(* Let $(E,\langle\cdot,\cdot\rangle,\rho)$ be a Courant vector bundle over $M$ and let $\circ$ and $\tilde\circ$ be two pre-Courant algebroid structures on it, with associated Leibniz 2-algebras $\mathbb E$ and $\tilde{\mathbb E}$. Then $\mathbb E$ and $\tilde{\mathbb E}$ are isomorphic.
   Context: A Courant vector bundle over a smooth manifold $M$ is a vector bundle $E\to M$ with a fibrewise nondegenerate symmetric bilinear form $\langle\cdot,\cdot\rangle$ and a bundle map $\rho:E\to TM$ such that $\rho\circ\rho^*=0$, where $\rho^*:T^*M\to E^*\cong E$ is the dual of $\rho$ followed by the identification $E^*\cong E$ via $\langle\cdot,\cdot\rangle$. A pre-Courant algebroid structure on it is an $\mathbb R$-bilinear operation $\circ$ on $\Gamma(E)$ such that for all $e_1,e_2,e_3\in\Gamma(E)$: (i) $\rho(e_1\circ e_2)=[\rho(e_1),\rho(e_2)]$; (ii) $\langle e_1\circ e_1,e_2\rangle=\frac12\rho(e_2)\langle e_1,e_1\rangle$; (iii) $\rho(e_1)\langle e_2,e_3\rangle=\langle e_1\circ e_2,e_3\rangle+\langle e_2,e_1\circ e_3\rangle$. Its Jacobiator is $J(e_1,e_2,e_3)=e_1\circ(e_2\circ e_3)-(e_1\circ e_2)\circ e_3-e_2\circ(e_1\circ e_3)$. A Leibniz 2-algebra $(V_1\xrightarrow{d}V_0,l_2,l_3)$ consists of a complex of vector spaces, bilinear $l_2:V_i\times V_j\to V_{i+j}$ ($i+j\le1$) and trilinear $l_3:V_0^{3}\to V_1$ such that for all $w,x,y,z\in V_0$, $m,n\in V_1$: $d\,l_2(x,m)=l_2(x,dm)$; $d\,l_2(m,x)=l_2(dm,x)$; $l_2(dm,n)=l_2(m,dn)$; $d\,l_3(x,y,z)=l_2(x,l_2(y,z))-l_2(l_2(x,y),z)-l_2(y,l_2(x,z))$; $l_3(x,y,dm)=l_2(x,l_2(y,m))-l_2(l_2(x,y),m)-l_2(y,l_2(x,m))$; $l_3(x,dm,y)=l_2(x,l_2(m,y))-l_2(l_2(x,m),y)-l_2(m,l_2(x,y))$; $l_3(dm,x,y)=l_2(m,l_2(x,y))-l_2(l_2(m,x),y)-l_2(x,l_2(m,y))$; and $l_2(w,l_3(x,y,z))-l_2(x,l_3(w,y,z))+l_2(y,l_3(w,x,z))+l_2(l_3(w,x,y),z)-l_3(l_2(w,x),y,z)-l_3(x,l_2(w,y),z)-l_3(x,y,l_2(w,z))+l_3(w,l_2(x,y),z)+l_3(w,y,l_2(x,z))-l_3(w,x,l_2(y,z))=0$. The Leibniz 2-algebra associated to a pre-Courant algebroid $(E,\langle\cdot,\cdot\rangle,\rho,\circ)$ is $V_1=\Gamma(\operatorname{Ker}\rho)\xrightarrow{i}V_0=\Gamma(E)$ ($i$ the inclusion) with $l_2(e_1,e_2)=e_1\circ e_2$, $l_2(e,\kappa)=e\circ\kappa$, $l_2(\kappa,e)=\kappa\circ e$ for $e,e_1,e_2\in\Gamma(E)$, $\kappa\in\Gamma(\operatorname{Ker}\rho)$, and $l_3=J$. A morphism from $\mathbb V$ to $\mathbb V'$ consists of linear maps $f_0:V_0\to V_0'$, $f_1:V_1\to V_1'$ with $f_0\circ d=d'\circ f_1$ and a bilinear map $f_2:V_0\times V_0\to V_1'$ such that for all $x,y,z\in V_0$, $m\in V_1$: $l_2'(f_0x,f_0y)-f_0l_2(x,y)=d'f_2(x,y)$; $l_2'(f_0x,f_1m)-f_1l_2(x,m)=f_2(x,dm)$; $l_2'(f_1m,f_0x)-f_1l_2(m,x)=f_2(dm,x)$; and $f_1(l_3(x,y,z))+l_2'(f_0x,f_2(y,z))-l_2'(f_0y,f_2(x,z))-l_2'(f_2(x,y),f_0z)-f_2(l_2(x,y),z)+f_2(x,l_2(y,z))-f_2(y,l_2(x,z))-l_3'(f_0x,f_0y,f_0z)=0$. It is an isomorphism if $f_0$ and $f_1$ are bijective. *)

(* Algebraic (section-level) model of Courant vector
   bundles, pre-Courant algebroids and Leibniz 2-algebras. *)
From HB Require Import structures.
From mathcomp Require Import all_boot all_order all_algebra.
From mathcomp Require Import reals.
Set Implicit Arguments. Unset Strict Implicit. Unset Printing Implicit Defensive.
Import Order.TTheory GRing.Theory Num.Theory.
Local Open Scope ring_scope.

Definition lin_map (R : realType) (U V : lmodType R) (f : U -> V) :=
  forall (a : R) x y, f (a *: x + y) = a *: f x + f y.

Definition bilin_map (R : realType) (U1 U2 V : lmodType R)
    (f : U1 -> U2 -> V) :=
  (forall y, lin_map (fun x => f x y)) /\ (forall x, lin_map (f x)).

Definition trilin_map (R : realType) (U1 U2 U3 V : lmodType R)
    (f : U1 -> U2 -> U3 -> V) :=
  [/\ forall y z, lin_map (fun x => f x y z),
      forall x z, lin_map (fun y => f x y z) &
      forall x y, lin_map (f x y)].

(*   Fn  = C^oo(M)     Vf = X(M) (vector fields)     Sc = Gamma(E)     *)
Record courant_vb (R : realType) := CourantVB {
  Fn : comAlgType R;
  Vf : lmodType R;
  Sc : lmodType R;
  vact : Vf -> Fn -> Fn;
  vbr  : Vf -> Vf -> Vf;
  fsV  : Fn -> Vf -> Vf;
  fsS  : Fn -> Sc -> Sc;
  pairing : Sc -> Sc -> Fn;
  rho : Sc -> Vf;
  rhostar_d : Fn -> Sc;             (* f |-> rho^*(df)                      *)
  vact_lin : forall X, lin_map (vact X);
  vact_linV : forall f, lin_map (fun X => vact X f);
  vact_Leibniz : forall X f g, vact X (f * g) = vact X f * g + f * vact X g;
  vact_inj : forall X Y, (forall f, vact X f = vact Y f) -> X = Y;
  vact_fsV : forall f X g, vact (fsV f X) g = f * vact X g;
  vbrE : forall X Y f, vact (vbr X Y) f = vact X (vact Y f) - vact Y (vact X f);
  fsV1 : forall X, fsV 1 X = X;
  fsVM : forall f g X, fsV (f * g) X = fsV f (fsV g X);
  fsVDl : forall f g X, fsV (f + g) X = fsV f X + fsV g X;
  fsVDr : forall f X Y, fsV f (X + Y) = fsV f X + fsV f Y;
  fsVZ : forall (a : R) X, fsV (a%:A) X = a *: X;
  fsS1 : forall e, fsS 1 e = e;
  fsSM : forall f g e, fsS (f * g) e = fsS f (fsS g e);
  fsSDl : forall f g e, fsS (f + g) e = fsS f e + fsS g e;
  fsSDr : forall f e1 e2, fsS f (e1 + e2) = fsS f e1 + fsS f e2;
  fsSZ : forall (a : R) e, fsS (a%:A) e = a *: e;
  pairing_sym : forall e1 e2, pairing e1 e2 = pairing e2 e1;
  pairingD : forall e1 e2 e3, pairing (e1 + e2) e3 = pairing e1 e3 + pairing e2 e3;
  pairing_fs : forall f e1 e2, pairing (fsS f e1) e2 = f * pairing e1 e2;
  pairing_nondeg : forall e, (forall e', pairing e e' = 0) -> e = 0;
  rhoD : forall e1 e2, rho (e1 + e2) = rho e1 + rho e2;
  rho_fs : forall f e, rho (fsS f e) = fsV f (rho e);
  (* rho^* is the dual of rho, via the pairing *)
  rhostar_dE : forall f e, pairing (rhostar_d f) e = vact (rho e) f;
  rho_rhostar : forall f, rho (rhostar_d f) = 0
}.

Arguments Fn {R} c.  Arguments Vf {R} c.  Arguments Sc {R} c.
Arguments vact {R} c _ _.  Arguments vbr {R} c _ _.  Arguments fsV {R} c _ _.
Arguments fsS {R} c _ _.  Arguments pairing {R} c _ _.  Arguments rho {R} c _.
Arguments rhostar_d {R} c _.

Definition pre_courant (R : realType) (C : courant_vb R)
    (op : Sc C -> Sc C -> Sc C) : Prop :=
  [/\ bilin_map op,
      forall e1 e2, rho C (op e1 e2) = vbr C (rho C e1) (rho C e2),
      forall e1 e2, pairing C (op e1 e1) e2
                    = (2^-1 : R) *: vact C (rho C e2) (pairing C e1 e1) &
      forall e1 e2 e3, vact C (rho C e1) (pairing C e2 e3)
                       = pairing C (op e1 e2) e3 + pairing C e2 (op e1 e3)].

Definition jacobiator (R : realType) (C : courant_vb R)
    (op : Sc C -> Sc C -> Sc C) (e1 e2 e3 : Sc C) : Sc C :=
  op e1 (op e2 e3) - op (op e1 e2) e3 - op e2 (op e1 e3).

Record l2data (R : realType) := L2Data {
  V0 : lmodType R;
  V1 : lmodType R;
  dd : V1 -> V0;
  l2_00 : V0 -> V0 -> V0;
  l2_01 : V0 -> V1 -> V1;
  l2_10 : V1 -> V0 -> V1;
  l3 : V0 -> V0 -> V0 -> V1
}.

Arguments dd {R} _.  Arguments l2_00 {R} _.  Arguments l2_01 {R} _.
Arguments l2_10 {R} _.  Arguments l3 {R} _.

Definition is_leibniz2 (R : realType) (V : l2data R) : Prop :=
  let d := dd V in let l00 := l2_00 V in let l01 := l2_01 V in
  let l10 := l2_10 V in let l3 := l3 V in
  [/\ [/\ lin_map d, bilin_map l00, bilin_map l01, bilin_map l10 & trilin_map l3],
   [/\ (forall x m, d (l01 x m) = l00 x (d m)),
       (forall m x, d (l10 m x) = l00 (d m) x) &
       (forall m n, l01 (d m) n = l10 m (d n))],
   (forall x y z, d (l3 x y z) = l00 x (l00 y z) - l00 (l00 x y) z - l00 y (l00 x z)) &
   [/\ (forall x y m, l3 x y (d m) = l01 x (l01 y m) - l01 (l00 x y) m - l01 y (l01 x m)),
       (forall x m y, l3 x (d m) y = l01 x (l10 m y) - l10 (l01 x m) y - l10 m (l00 x y)),
       (forall m x y, l3 (d m) x y = l10 m (l00 x y) - l10 (l10 m x) y - l01 x (l10 m y)) &
       (forall w x y z,
          l01 w (l3 x y z) - l01 x (l3 w y z) + l01 y (l3 w x z) + l10 (l3 w x y) z
          - l3 (l00 w x) y z - l3 x (l00 w y) z - l3 x y (l00 w z)
          + l3 w (l00 x y) z + l3 w y (l00 x z) - l3 w x (l00 y z) = 0)]].

Definition l2_morphism (R : realType) (V W : l2data R)
    (f0 : V0 V -> V0 W) (f1 : V1 V -> V1 W) (f2 : V0 V -> V0 V -> V1 W) : Prop :=
  [/\ [/\ lin_map f0, lin_map f1 & bilin_map f2],
      (forall m, f0 (dd V m) = dd W (f1 m)),
      [/\ (forall x y, l2_00 W (f0 x) (f0 y) - f0 (l2_00 V x y) = dd W (f2 x y)),
          (forall x m, l2_01 W (f0 x) (f1 m) - f1 (l2_01 V x m) = f2 x (dd V m)) &
          (forall m x, l2_10 W (f1 m) (f0 x) - f1 (l2_10 V m x) = f2 (dd V m) x)] &
      (forall x y z,
         f1 (l3 V x y z) + l2_01 W (f0 x) (f2 y z) - l2_01 W (f0 y) (f2 x z)
         - l2_10 W (f2 x y) (f0 z) - f2 (l2_00 V x y) z + f2 x (l2_00 V y z)
         - f2 y (l2_00 V x z) - l3 W (f0 x) (f0 y) (f0 z) = 0)].

Arguments l2_morphism {R} V W f0 f1 f2.

Definition l2_isomorphic (R : realType) (V W : l2data R) : Prop :=
  exists f0 f1 f2, l2_morphism V W f0 f1 f2 /\ bijective f0 /\ bijective f1.

Section Kernel.
Variables (R : realType) (C : courant_vb R).

Definition kerrho : {pred Sc C} := [pred e | rho C e == 0].

Lemma rho0 : rho C 0 = 0.
Proof. by apply/eqP; rewrite -(addrI _ (_ : rho C 0 + 0 = rho C 0 + rho C 0)) // addr0 -rhoD addr0. Qed.

Lemma kerrho_closed : subsemimod_closed kerrho.
Proof.
split; first split.
- by rewrite inE rho0.
- by move=> u v; rewrite !inE rhoD => /eqP -> /eqP ->; rewrite addr0.
- move=> a v; rewrite !inE -fsSZ rho_fs => /eqP ->.
  apply/eqP; apply: (@addrI _ (fsV C a%:A 0)); rewrite -fsVDr !addr0 //.
Qed.

HB.instance Definition _ := GRing.isSubmodClosed.Build R (Sc C) kerrho kerrho_closed.

Definition KerSc := {e : Sc C | e \in kerrho}.
HB.instance Definition _ := [isSub of KerSc for sval].
HB.instance Definition _ := [Choice of KerSc by <:].
HB.instance Definition _ := [SubChoice_isSubLmodule of KerSc by <:].
End Kernel.

(* The brackets with a section of Ker rho land in Ker rho (and so does the
   Jacobiator); [insubd 0] is the corestriction to Gamma(Ker rho), which
   agrees with [op] on these arguments. *)
Definition assoc_l2 (R : realType) (C : courant_vb R)
    (op : Sc C -> Sc C -> Sc C) : l2data R :=
  @L2Data R (Sc C) (KerSc C) val op
    (fun e k => insubd (0 : KerSc C) (op e (val k)))
    (fun k e => insubd (0 : KerSc C) (op (val k) e))
    (fun e1 e2 e3 => insubd (0 : KerSc C) (jacobiator op e1 e2 e3)).

(* Both brackets have the same anchor, rho (e1 o e2) = [rho e1, rho e2], so their
   difference takes values in Ker rho.  Hence the identity maps on Gamma(E) and
   Gamma(Ker rho), together with f2 (e1, e2) := e1 o' e2 - e1 o e2, form a morphism
   of Leibniz 2-algebras: each compatibility condition with a bracket is the
   definition of f2, and the condition on l3 is an identity in the abelian group
   Gamma(E) once o' is expanded bilinearly. *)
From HB Require Import structures.
From mathcomp Require Import all_boot all_order all_algebra.
From mathcomp Require Import reals ring.
Set Implicit Arguments. Unset Strict Implicit. Unset Printing Implicit Defensive.
Import GRing.Theory.
Local Open Scope ring_scope.

Section LinMap.
Variables (R : realType) (U V : lmodType R).
Implicit Types f g : U -> V.

Lemma lin_mapD f x y : lin_map f -> f (x + y) = f x + f y.
Proof. by move=> fL; have := fL 1 x y; rewrite !scale1r. Qed.

Lemma lin_map0 f : lin_map f -> f 0 = 0.
Proof. by move=> fL; apply: (@addrI _ (f 0)); rewrite -lin_mapD // !addr0. Qed.

Lemma lin_mapB f x y : lin_map f -> f (x - y) = f x - f y.
Proof.
by move=> fL; apply: (@addIr _ (f y)); rewrite -lin_mapD // !subrK.
Qed.

Lemma lin_mapB_fun f g : lin_map f -> lin_map g -> lin_map (fun x => f x - g x).
Proof. by move=> fL gL a x y; rewrite fL gL scalerBr opprD addrACA. Qed.

End LinMap.

(* Cancels [t] against [- t] in a left-nested sum. *)
Local Ltac cancel_atom t :=
  repeat rewrite (addrAC _ _ t); repeat rewrite (addrAC _ _ (- t));
  first [rewrite subrK | rewrite subrr ?add0r | rewrite addNr ?add0r | rewrite addrK].

Section CourantVB.
Variables (R : realType) (C : courant_vb R).

Lemma rhoB e1 e2 : rho C (e1 - e2) = rho C e1 - rho C e2.
Proof. by apply: (@addIr _ (rho C e2)); rewrite -rhoD !subrK. Qed.

Lemma vact0 f : vact C 0 f = 0.
Proof. exact: lin_map0 (vact_linV f). Qed.

Lemma vactB X Y f : vact C (X - Y) f = vact C X f - vact C Y f.
Proof. exact: lin_mapB (vact_linV f). Qed.

Lemma vactfB X f g : vact C X (f - g) = vact C X f - vact C X g.
Proof. exact: lin_mapB (vact_lin X). Qed.

Lemma vbr0l X : vbr C 0 X = 0.
Proof.
by apply: vact_inj => f; rewrite vbrE !vact0 (lin_map0 (vact_lin X)) subrr.
Qed.

Lemma vbr0r X : vbr C X 0 = 0.
Proof.
by apply: vact_inj => f; rewrite vbrE !vact0 (lin_map0 (vact_lin X)) subrr.
Qed.

Lemma vbr_jacobi X Y Z :
  vbr C X (vbr C Y Z) - vbr C (vbr C X Y) Z - vbr C Y (vbr C X Z) = 0.
Proof.
apply: vact_inj => f; rewrite !vactB vact0 !vbrE !vactfB.
ring.
Qed.

Section Bracket.
Variable op : Sc C -> Sc C -> Sc C.
Hypothesis opC : pre_courant op.

Lemma rho_bracket e1 e2 : rho C (op e1 e2) = vbr C (rho C e1) (rho C e2).
Proof. by case: opC. Qed.

Lemma bracket_kerr e k : k \in @kerrho _ C -> op e k \in @kerrho _ C.
Proof. by rewrite !inE rho_bracket => /eqP ->; rewrite vbr0r. Qed.

Lemma bracket_kerl e k : k \in @kerrho _ C -> op k e \in @kerrho _ C.
Proof. by rewrite !inE rho_bracket => /eqP ->; rewrite vbr0l. Qed.

Lemma jacobiator_ker e1 e2 e3 : jacobiator op e1 e2 e3 \in @kerrho _ C.
Proof. by rewrite inE /jacobiator !rhoB !rho_bracket vbr_jacobi. Qed.

End Bracket.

[WORK INSTRUCTIONS]:
Wherever "insubd" appears in the listing, report the line it is on.

[YOUR SOLUTION]:
   Jacobiator); [insubd 0] is the corestriction to Gamma(Ker rho), which
    (fun e k => insubd (0 : KerSc C) (op e (val k)))
    (fun k e => insubd (0 : KerSc C) (op (val k) e))
    (fun e1 e2 e3 => insubd (0 : KerSc C) (jacobiator op e1 e2 e3)).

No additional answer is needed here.